Морев: Многие сейчас считают, что русский должен с оружием в руках идти и отстаивать Юго-Восток Украины, сражаясь за власть с украинским государством.

Поляков: Ну, за власть на своей территории. На самом деле они в своем внутреннем праве. Понятно, что любая гражданская война, любая революция приводят к тому, что все законы, которые только могут быть нарушены, нарушаются. И несколько месяцев назад в Киеве они были нарушены. Поэтому что сейчас законно, а что незаконно, кто вправе, а кто не вправе — зависит от точки зрения, от того, где мы сейчас находимся. Но мы опять же ведем разговор про пограничную ситуацию. Допустим, русский может взять в руки оружие и защищать свое право говорить на русском языке, ходить в свою церковь, дружить с Россией, чувствовать себя русским и носить георгиевскую ленточку. Все хорошо, все правильно. Они имеют на это право, точно так же как западные украинцы имеют право ставить памятник Бандере. Главное, чтобы при этом они друг друга не убивали. Но на глубинном уровне человек, который с оружием в руках защищает русский язык, все равно не становится русским, все равно это что-то другое. Все равно куски советской идентичности остаются. Все настолько переплелось, что, например, в Крыму — конкретный пример — есть улица Белы Куна. Если вы знаете, кто такой Бела Кун, то это примерно как в Тель-Авиве была бы улица Розенберга. Или, например, в Симферополе есть памятник Ленину. И что с ним делать? В свое время, лет 15 назад, я говорил одному историку, который занимал там какие-то места в каких-то комиссиях, что хорошо бы убрать памятник Ленину, а поставить на его месте, допустим, памятник Екатерине Великой, или Потемкину, или барону Врангелю, например, — человеку, совершенно выдающемуся и чрезвычайно мне симпатичному. Кстати, и как политик тоже. Врангель был не просто честный русский офицер, он был еще и политик. И сложись судьба России немножко по-другому, имя Врангеля было бы рядом с именем Столыпина. И когда я это предложил, он говорит: «Ты что, с ума сошел? Ты представь себе: если Ленина сейчас завалить, на этом месте будут ставить памятник какому-нибудь Бандере или Мазепе». И сейчас люди русской идентичности, в том числе и на Юго-Востоке, защищают красные флаги и памятники Ленину.

Морев: Боюсь, что нынешние власти Крыма также не захотят переименовывать улицу Белы Куна или заменять памятник Ленину памятником Екатерине Великой.

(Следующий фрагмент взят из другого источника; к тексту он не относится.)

(* For any sample $(x,u)$, generative parameters $\theta=(f,T,\lambda)$, inference parameters $\phi$, and $\alpha\in[0,1]$, $$\mathrm{ELBO}_{\theta,\phi}(\alpha;x,u)=\alpha\,\mathrm{ELBO}_{\theta,\phi}(1;x,u)+(1-\alpha)\,\mathrm{ELBO}_{\theta,\phi}(0;x,u)+\alpha\,\mathcal{D}^{1-\alpha}_{\mathrm{Skew}}\big(q_\phi(\cdot|x)\,\|\,q_\phi(\cdot|x,u)\big)+(1-\alpha)\,\mathcal{D}^{\alpha}_{\mathrm{Skew}}\big(q_\phi(\cdot|x,u)\,\|\,q_\phi(\cdot|x)\big),$$ where $\mathcal{D}^{\beta}_{\mathrm{Skew}}(p\|q):=\mathcal{D}_{\mathrm{KL}}\big(p\,\|\,(1-\beta)p+\beta q\big)$.
   Context: Observations $x\in\mathbb{R}^{d_X}$, covariates $u\in\mathbb{R}^{d_U}$, latents $z\in\mathbb{R}^{d_Z}$, $d_Z<d_X$. Generative parameters $\theta=(f,T,\lambda)$: mixing function $f:\mathbb{R}^{d_Z}\to\mathbb{R}^{d_X}$, label prior density $p_{T,\lambda}(z|u)=\prod_{i=1}^{d_Z}\exp(\lambda_i(u)\cdot T_i(z_i)-A(u)+B(z_i))$ (conditionally factorial exponential family with known $A,B$), decoder density $p_f(x|z)=p_\epsilon(x-f(z))$ for a fixed noise density $p_\epsilon$. Inference parameters $\phi$ determine an encoder density $q_\phi(z|x)$ and a posterior density $q_\phi(z|x,u)$ on $\mathbb{R}^{d_Z}$. For $\alpha\in[0,1]$, with $m_\alpha=\alpha q_\phi(\cdot|x)+(1-\alpha)q_\phi(\cdot|x,u)$, $\mathrm{ELBO}_{\theta,\phi}(\alpha;x,u)=\mathbb{E}_{z\sim m_\alpha}\log p_f(x|z)-\mathcal{D}_{\mathrm{KL}}(m_\alpha\|p_{T,\lambda}(\cdot|u))$. All expectations and divergences appearing are assumed finite. *)

From HB Require Import structures.
From mathcomp Require Import all_boot all_order all_algebra.
From mathcomp Require Import all_classical all_reals all_analysis.
Set Implicit Arguments. Unset Strict Implicit. Unset Printing Implicit Defensive.
Import Order.TTheory GRing.Theory Num.Theory.
Local Open Scope ring_scope.
Local Open Scope classical_set_scope.

Section Defs.
Variable R : realType.

(* R^n is represented by n.-tuple R (which carries the product sigma-algebra
   of the Borel sigma-algebra on R). *)

(* A measure on R^n is the Lebesgue measure iff it gives every closed box its
   volume (this determines it uniquely). *)
Definition is_lebesgue (n : nat) (mu : set (n.-tuple R) -> \bar R) : Prop :=
  forall a b : n.-tuple R, (forall i, tnth a i <= tnth b i) ->
    mu [set z | forall i, tnth a i <= tnth z i <= tnth b i] =
    (\prod_(i < n) (tnth b i - tnth a i))%:E.

Definition is_density (n : nat) (mu : {measure set (n.-tuple R) -> \bar R})
  (p : n.-tuple R -> R) : Prop :=
  [/\ measurable_fun setT p, (forall z, 0 <= p z) &
      (\int[mu]_z (p z)%:E = 1)%E].

Definition elog (a : R) : \bar R := if 0 < a then (ln a)%:E else -oo%E.

Definition tsub n (x y : n.-tuple R) : n.-tuple R :=
  [tuple tnth x i - tnth y i | i < n].

Definition dot k (a b : k.-tuple R) : R := \sum_(j < k) tnth a j * tnth b j.

Definition prior_density (dZ dU k : nat)
  (T : 'I_dZ -> R -> k.-tuple R) (lam : 'I_dZ -> dU.-tuple R -> k.-tuple R)
  (A : dU.-tuple R -> R) (B : R -> R) (u : dU.-tuple R) (z : dZ.-tuple R) : R :=
  \prod_(i < dZ) expR (dot (lam i u) (T i (tnth z i)) - A u + B (tnth z i)).

Definition decoder_density (dZ dX : nat) (peps : dX.-tuple R -> R)
  (f : dZ.-tuple R -> dX.-tuple R) (x : dX.-tuple R) (z : dZ.-tuple R) : R :=
  peps (tsub x (f z)).

Definition expect_integrand n (m : n.-tuple R -> R) (h : n.-tuple R -> \bar R)
  (z : n.-tuple R) : \bar R := ((m z)%:E * h z)%E.

Definition expect n (mu : {measure set (n.-tuple R) -> \bar R})
  (m : n.-tuple R -> R) (h : n.-tuple R -> \bar R) : \bar R :=
  (\int[mu]_z expect_integrand m h z)%E.

Definition KL_integrand n (p q : n.-tuple R -> R) (z : n.-tuple R) : \bar R :=
  ((p z)%:E * (elog (p z) - elog (q z)))%E.

Definition KL n (mu : {measure set (n.-tuple R) -> \bar R})
  (p q : n.-tuple R -> R) : \bar R := (\int[mu]_z KL_integrand p q z)%E.

Definition mixture n (a : R) (p q : n.-tuple R -> R) (z : n.-tuple R) : R :=
  a * p z + (1 - a) * q z.

Definition Dskew n (mu : {measure set (n.-tuple R) -> \bar R}) (beta : R)
  (p q : n.-tuple R -> R) : \bar R := KL mu p (mixture (1 - beta) p q).

Definition ELBO (dX dZ dU k : nat) (muZ : {measure set (dZ.-tuple R) -> \bar R})
  (peps : dX.-tuple R -> R) (f : dZ.-tuple R -> dX.-tuple R)
  (T : 'I_dZ -> R -> k.-tuple R) (lam : 'I_dZ -> dU.-tuple R -> k.-tuple R)
  (A : dU.-tuple R -> R) (B : R -> R)
  (qenc qpost : dZ.-tuple R -> R) (alpha : R)
  (x : dX.-tuple R) (u : dU.-tuple R) : \bar R :=
  (expect muZ (mixture alpha qenc qpost)
     (fun z => elog (decoder_density peps f x z))
   - KL muZ (mixture alpha qenc qpost) (prior_density T lam A B u))%E.

End Defs.

(* Mixing the two variational posteriors with weight alpha makes the
   reconstruction term affine in alpha, while the KL term to the prior splits
   as  KL(m || r) = a KL(p || r) + (1 - a) KL(q || r)
                    - a KL(p || m) - (1 - a) KL(q || m)  for  m = a p + (1 - a) q,
   because the cross terms  a p log m + (1 - a) q log m  recombine into
   m log m.  The two compensating divergences are the skew divergences. *)
From HB Require Import structures.
From mathcomp Require Import all_boot all_order all_algebra.
From mathcomp Require Import all_classical all_reals all_analysis.
From mathcomp Require Import ring lra.
Import Order.TTheory GRing.Theory Num.Theory.
Local Open Scope ring_scope.
Local Open Scope classical_set_scope.

Section Mixture.
Variables (R : realType) (n : nat) (p q : n.-tuple R -> R).

Lemma mixture1 : mixture 1 p q = p.
Proof. by apply: funext => z; rewrite /mixture subrr mul0r addr0 mul1r. Qed.

Lemma mixture0 : mixture 0 p q = q.
Proof. by apply: funext => z; rewrite /mixture subr0 mul0r add0r mul1r. Qed.

Lemma mixtureC (a : R) : mixture (1 - a) q p = mixture a p q.
Proof. by apply: funext => z; rewrite /mixture; ring. Qed.

Lemma mixture1B (a : R) : mixture (1 - (1 - a)) p q = mixture a p q.
Proof. by rewrite opprB addrC subrK. Qed.

End Mixture.

Lemma prior_density_gt0 (R : realType) (dZ dU k : nat)
  (T : 'I_dZ -> R -> k.-tuple R) (lam : 'I_dZ -> dU.-tuple R -> k.-tuple R)
  (A : dU.-tuple R -> R) (B : R -> R) (u : dU.-tuple R) (z : dZ.-tuple R) :
  0 < prior_density T lam A B u z.
Proof. by apply: prodr_gt0 => i _; exact: expR_gt0. Qed.

Section ElogTerms.
Context {R : realType}.

Lemma elogE (a : R) : 0 < a -> elog a = (ln a)%:E.
Proof. by move=> a0; rewrite /elog a0. Qed.

Lemma mul_elogBE (P X : R) : 0 <= P ->
  (P%:E * (elog P - X%:E))%E = (P * (ln P - X))%:E.
Proof.
rewrite le_eqVlt => /orP[/eqP<-|P0]; first by rewrite mul0e mul0r.
by rewrite elogE // -EFinB -EFinM.
Qed.

(* [elog M] may be [-oo] only where the weight [a] or the density [P] vanishes,
   and there the term is [0] since [0 * x = 0] in [\bar R]. *)
Lemma scale_mul_elogBE (a P M : R) : 0 <= a -> 0 <= P ->
  (0 < a -> 0 < P -> 0 < M) ->
  (a%:E * (P%:E * (elog P - elog M)))%E = (a * (P * (ln P - ln M)))%:E.
Proof.
rewrite le_eqVlt => /orP[/eqP<- _ _|a0]; first by rewrite mul0e mul0r.
rewrite le_eqVlt => /orP[/eqP<- _|P0 M0]; first by rewrite mul0e mule0 mul0r mulr0.
by rewrite [elog M]elogE ?M0 // mul_elogBE ?ltW // -EFinM.
Qed.

End ElogTerms.

Lemma fin_num_combinationB (R : numDomainType) (a b : R) (e1 e0 k1 k0 d1 d0 : \bar R) :
  e1 \is a fin_num -> e0 \is a fin_num -> k1 \is a fin_num ->
  k0 \is a fin_num -> d1 \is a fin_num -> d0 \is a fin_num ->
  ((a%:E * e1 + b%:E * e0) - ((a%:E * k1 + b%:E * k0) - (a%:E * d1 + b%:E * d0)) =
   a%:E * (e1 - k1) + b%:E * (e0 - k0) + a%:E * d1 + b%:E * d0)%E.
Proof.
case: e1 => // e1 _; case: e0 => // e0 _; case: k1 => // k1 _.
case: k0 => // k0 _; case: d1 => // d1 _; case: d0 => // d0 _.
by rewrite -!EFinM -!EFinB -!EFinD -?EFinM -?EFinB -?EFinD; congr EFin; ring.
Qed.

Section MixtureIntegrals.
Variables (R : realType) (n : nat) (mu : {measure set (n.-tuple R) -> \bar R}).
Variables (a : R) (p q : n.-tuple R -> R).
Hypotheses (a01 : 0 <= a <= 1) (p0 : forall z, 0 <= p z) (q0 : forall z, 0 <= q z).

Let m := mixture a p q.

Lemma integral_combination (g h : n.-tuple R -> \bar R) :
  mu.-integrable setT g -> mu.-integrable setT h ->
  (\int[mu]_z (a%:E * g z + (1 - a)%:E * h z) =
   a%:E * \int[mu]_z g z + (1 - a)%:E * \int[mu]_z h z)%E.
Proof.
move=> ig ih.
by rewrite integralD //; [rewrite !integralZl|exact: integrableZl|exact: integrableZl].
Qed.

Lemma expect_mixture (h : n.-tuple R -> \bar R) :
  mu.-integrable setT (expect_integrand p h) ->
  mu.-integrable setT (expect_integrand q h) ->
  expect mu m h = (a%:E * expect mu p h + (1 - a)%:E * expect mu q h)%E.
Proof.
move=> ip iq; rewrite /expect -integral_combination //.
apply: eq_integral => z _; case/andP: a01 => a0 a1.
rewrite /expect_integrand /m /mixture EFinD ge0_muleDl ?EFinM ?muleA //.
  by rewrite lee_fin mulr_ge0.
by rewrite lee_fin mulr_ge0 // subr_ge0.
Qed.

Lemma KL_integrand_mixture (r : n.-tuple R -> R) z : 0 < r z ->
  KL_integrand m r z =
  ((a%:E * KL_integrand p r z + (1 - a)%:E * KL_integrand q r z) -
   (a%:E * KL_integrand p m z + (1 - a)%:E * KL_integrand q m z))%E.
Proof.
move=> r0; case/andP: a01 => a0 a1; have a1' : 0 <= 1 - a by rewrite subr_ge0.
have m0 : 0 <= m z by rewrite /m /mixture; apply: addr_ge0; apply: mulr_ge0.
have mP : 0 < a -> 0 < p z -> 0 < m z.
  move=> ha hp; have := mulr_gt0 ha hp; have := mulr_ge0 a1' (q0 z).
  by rewrite /m /mixture; lra.
have mQ : 0 < 1 - a -> 0 < q z -> 0 < m z.
  move=> ha hq; have := mulr_gt0 ha hq; have := mulr_ge0 a0 (p0 z).
  by rewrite /m /mixture; lra.
rewrite /KL_integrand [elog (r z)]elogE // !mul_elogBE //.
rewrite (@scale_mul_elogBE _ _ _ _ a0 (p0 z) mP) (@scale_mul_elogBE _ _ _ _ a1' (q0 z) mQ).
rewrite -!EFinM -!EFinD; congr EFin.
move: (ln (m z)) (ln (r z)) (ln (p z)) (ln (q z)) => lm lr lp lq.
have -> : m z = a * p z + (1 - a) * q z by [].
by move: (p z) (q z) => P Q; ring.
Qed.

Lemma KL_mixture (r : n.-tuple R -> R) : (forall z, 0 < r z) ->
  mu.-integrable setT (KL_integrand p r) -> mu.-integrable setT (KL_integrand q r) ->
  mu.-integrable setT (KL_integrand p m) -> mu.-integrable setT (KL_integrand q m) ->
  KL mu m r =
  ((a%:E * KL mu p r + (1 - a)%:E * KL mu q r) -
   (a%:E * KL mu p m + (1 - a)%:E * KL mu q m))%E.
Proof.
move=> r0 ipr iqr ipm iqm; rewrite /KL -!integral_combination //.
rewrite -integralB //; last 2 first.
- by apply: integrableD => //; exact: integrableZl.
- by apply: integrableD => //; exact: integrableZl.
by apply: eq_integral => z _; rewrite KL_integrand_mixture.
Qed.

End MixtureIntegrals.

Theorem proposition5 (R : realType) (dX dZ dU k : nat)
  (muX : {measure set (dX.-tuple R) -> \bar R})
  (muZ : {measure set (dZ.-tuple R) -> \bar R})
  (peps : dX.-tuple R -> R)
  (f : dZ.-tuple R -> dX.-tuple R)
  (T : 'I_dZ -> R -> k.-tuple R) (lam : 'I_dZ -> dU.-tuple R -> k.-tuple R)
  (A : dU.-tuple R -> R) (B : R -> R)
  (Phi : Type)
  (qenc : Phi -> dX.-tuple R -> dZ.-tuple R -> R)
  (qpost : Phi -> dX.-tuple R -> dU.-tuple R -> dZ.-tuple R -> R)
  (phi : Phi) (x : dX.-tuple R) (u : dU.-tuple R) (alpha : R) :
  (dZ < dX)%N ->
  is_lebesgue muX -> is_lebesgue muZ ->
  is_density muX peps ->
  (forall u', is_density muZ (prior_density T lam A B u')) ->
  (forall x', is_density muZ (qenc phi x')) ->
  (forall x' u', is_density muZ (qpost phi x' u')) ->
  0 <= alpha <= 1 ->
  (* all expectations and divergences appearing are finite *)
  (forall a, a \in [:: alpha; 1; 0] ->
     muZ.-integrable setT
       (expect_integrand (mixture a (qenc phi x) (qpost phi x u))
          (fun z => elog (decoder_density peps f x z))) /\
     muZ.-integrable setT
       (KL_integrand (mixture a (qenc phi x) (qpost phi x u))
          (prior_density T lam A B u))) ->
  muZ.-integrable setT
    (KL_integrand (qenc phi x) (mixture (1 - (1 - alpha)) (qenc phi x) (qpost phi x u))) ->
  muZ.-integrable setT
    (KL_integrand (qpost phi x u) (mixture (1 - alpha) (qpost phi x u) (qenc phi x))) ->
  ELBO muZ peps f T lam A B (qenc phi x) (qpost phi x u) alpha x u =
  (alpha%:E * ELBO muZ peps f T lam A B (qenc phi x) (qpost phi x u) 1 x u
   + (1 - alpha)%:E * ELBO muZ peps f T lam A B (qenc phi x) (qpost phi x u) 0 x u
   + alpha%:E * Dskew muZ (1 - alpha) (qenc phi x) (qpost phi x u)
   + (1 - alpha)%:E * Dskew muZ alpha (qpost phi x u) (qenc phi x))%E.
Proof.
move=> _ _ _ _ _ qenc_dens qpost_dens a01 integrable_terms iDp iDq.
set p := qenc phi x; set q := qpost phi x u.
have p0 : forall z, 0 <= p z by case: (qenc_dens x).
have q0 : forall z, 0 <= q z by case: (qpost_dens x u).
have [|iEp iKp] := integrable_terms 1; first by rewrite !inE eqxx orbT.
have [|iEq iKq] := integrable_terms 0; first by rewrite !inE eqxx !orbT.
rewrite mixture1 in iEp iKp; rewrite mixture0 in iEq iKq.
rewrite mixture1B in iDp; rewrite mixtureC in iDq.
rewrite /ELBO /Dskew mixture1 mixture0 mixture1B mixtureC.
rewrite expect_mixture // KL_mixture //; last exact: prior_density_gt0.
by apply: fin_num_combinationB; exact: integrable_fin_num.
Qed.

Поляков: Я думаю, что, во-первых, они просто не знают, кто такой Бела Кун, да и хватает им сейчас, на самом деле, и других забот. Во-вторых, вы слишком многого хотите. Давайте сначала попробуем разобраться со своими собственными идентичностями — мы русские или мы советские. В том-то и дело, что это очень непросто.

Может быть, я так говорю, что это просто и легко, но на самом деле это все глубинные, интимные процессы. Кстати говоря, украинский проект, который здесь существовал параллельно с вполне отрефлексированным и вполне работающим русским проектом, Русским миром, — может быть, он, как ни странно, снабжал энергией от противного в том числе и советскую идентичность. То есть, понимаете, в защите своего — символом этого своего становится памятник Ленину. Хотя, по большому счету, разница между Лениным и Петлюрой или Сталиным и Бандерой, в общем-то, только в количестве людей, которых они успели убить. И те и другие людоеды. Ленин воспринимается как свой не случайно. Хотя это был совершенно русофобский политик, просто бешеный. Но происходит такое искажение. И это, на самом деле, большая проблема. И проблема, я бы хотел подчеркнуть, не политическая, не только политическая. Легко сказать: «Почему политики не убирают памятник Ленину и не ставят памятник Екатерине?» Не знаю почему. Потому что они такие же люди, как мы с вами, потому что они тоже остаются и русскими, и советскими. Им никто не объяснил, что такое быть русским. И я не знаю, что такое быть русским. И что делать с этим советским пластом нашей истории? Он, в принципе, не осмыслен. Есть два варианта отношения к нему. Первый вариант — это Великая Октябрьская социалистическая революция, победа пролетариата, все замечательно. Второй вариант — это катастрофа. Но и то и другое — это просто слова, просто эмоции. Вот, например, сколько человек было, скажем, в России выбито в сорокалетие, с 1914 года до 1954-го? Десятки миллионов! То есть можно говорить, что мы — народ, травмированный историей, мы, русские, политическая нация россиян. Можно говорить, что мы — нация, подвергшаяся геноциду. И мы сами себя тоже геноцидили. Это не к тому, что пришли злые евреи, немцы или кто-то еще и нас всех убивали. Мы и сами себя убивали. Кошмар, на самом деле! И что с этим делать дальше? Мне кажется, это одна из проблем нашего российского исторического, политического, какого угодно сознания. Я думаю, что многие проблемы наши, в том числе и политическая, связаны именно с этим.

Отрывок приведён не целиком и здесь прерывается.